▶ Aim of the task
State how many lines of the records contain the string "From". Give the number alone.

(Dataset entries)
^^^^^^^^

(* Let $\Omega\subset\mathbb{R}^2$ be a bounded domain, $X\subset\overline{\Omega}$ finite with $X\setminus\partial\Omega\subset\mathrm{int}(\mathrm{conv}(X\cap\partial\Omega))$, $f_X$ a discrete load on $X$, and $E_0,V_0>0$. Then $$\mathcal{C}_{X,\min}\ge\frac{(\mathcal{Z}_X)^2}{2E_0V_0}.$$
   Context: Discrete setting: $\bar n=\#X$, $n=\#(X\setminus\partial\Omega)$, enumeration $\chi:\{1,\dots,n\}\to X\setminus\partial\Omega$; $m=\bar n(\bar n-1)/2$, enumeration $k\mapsto\{\chi_-(k),\chi_+(k)\}$ of unordered pairs of distinct points of $X$. $f_i=f_X(\{\chi(i)\})$, $l_k=|\chi_+(k)-\chi_-(k)|$. Vectors in $\mathbb{R}^n$ are identified with functions on $X$ vanishing on $X\cap\partial\Omega$. $(\mathbf{B}_1\mathbf{u}_1+\mathbf{B}_2\mathbf{u}_2)_k=(u(\chi_+(k))-u(\chi_-(k)))\cdot(\chi_+(k)-\chi_-(k))/l_k$, $(\mathbf{D}\mathbf{w})_k=w(\chi_+(k))-w(\chi_-(k))$. $\mathrm{K}=\{(t_1,t_2,t_3):t_1,t_2\ge0,2t_1t_2\ge t_3^2\}$. $\mathcal{Z}_X:=\min\{\mathbf{l}^\top\mathbf{s}+2\mathbf{l}^\top\mathbf{r}:\mathbf{s},\mathbf{r}\in\mathbb{R}^m_+,\mathbf{q}\in\mathbb{R}^m,\mathbf{B}_1^\top\mathbf{s}=\mathbf{B}_2^\top\mathbf{s}=\mathbf{0},\mathbf{D}^\top\mathbf{q}=\mathbf{f},(r_k,s_k,q_k)\in\mathrm{K}\ \forall k\}$ (problem $(\mathcal{P}_X)$). For $\mathbf{z}\in\mathbb{R}^n$: $\Delta_k(\mathbf{z})=(\mathbf{D}\mathbf{z})_k/l_k$, $J_{kk}(\mathbf{z})=\sqrt{1+\Delta_k(\mathbf{z})^2}$, $\hat l_k(\mathbf{z})=J_{kk}(\mathbf{z})l_k$; $\mathrm{e}_k(\mathbf{u}_1,\mathbf{u}_2)=(\mathbf{B}_1\mathbf{u}_1+\mathbf{B}_2\mathbf{u}_2)_k/l_k$; $\hat{\mathrm{e}}_k(\mathbf{u}_1,\mathbf{u}_2,\mathbf{w};\mathbf{z})=\dfrac{\mathrm{e}_k(\mathbf{u}_1,\mathbf{u}_2)+\Delta_k(\mathbf{z})\Delta_k(\mathbf{w})}{1+\Delta_k(\mathbf{z})^2}$. Compliance of $(\mathbf{z},\mathbf{a})$, $\mathbf{a}\in\mathbb{R}^m_+$: $\mathcal{C}_X(\mathbf{z},\mathbf{a})=\sup_{\mathbf{u}_1,\mathbf{u}_2,\mathbf{w}\in\mathbb{R}^n}\{\mathbf{f}^\top\mathbf{w}-\frac{E_0}{2}\sum_k((\hat{\mathrm{e}}_k(\mathbf{u}_1,\mathbf{u}_2,\mathbf{w};\mathbf{z}))_+)^2a_k\hat l_k(\mathbf{z})\}$. It is known (standard duality) that equivalently $\mathcal{C}_X(\mathbf{z},\mathbf{a})=\inf\{\frac{1}{2E_0}\sum_k\frac{\hat s_k^2}{a_k}\hat l_k(\mathbf{z}):\hat{\mathbf{s}}\in\mathbb{R}^m_+,\mathbf{B}_1^\top\mathbf{s}=\mathbf{B}_2^\top\mathbf{s}=\mathbf{0},\mathbf{D}^\top\mathbf{q}=\mathbf{f},\ s_k=\hat s_k/J_{kk}(\mathbf{z}),q_k=\Delta_k(\mathbf{z})\hat s_k/J_{kk}(\mathbf{z})\}$ with $\hat s_k^2/a_k:=0$ if $a_k=\hat s_k=0$ and $+\infty$ if $a_k=0\neq\hat s_k$. $(\mathrm{MCGS}_X)$: $\mathcal{C}_{X,\min}=\inf\{\mathcal{C}_X(\mathbf{z},\mathbf{a}):\mathbf{z}\in\mathbb{R}^n,\mathbf{a}\in\mathbb{R}^m_+,\sum_ka_k\hat l_k(\mathbf{z})\le V_0\}$. *)

From HB Require Import structures.
From mathcomp Require Import all_boot all_order all_algebra.
From mathcomp Require Import all_classical all_reals all_analysis.
Set Implicit Arguments. Unset Strict Implicit. Unset Printing Implicit Defensive.
Import Order.TTheory GRing.Theory Num.Theory numFieldNormedType.Exports.
Local Open Scope classical_set_scope.
Local Open Scope ring_scope.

^^^^^^^^

▶ Answer for the task
3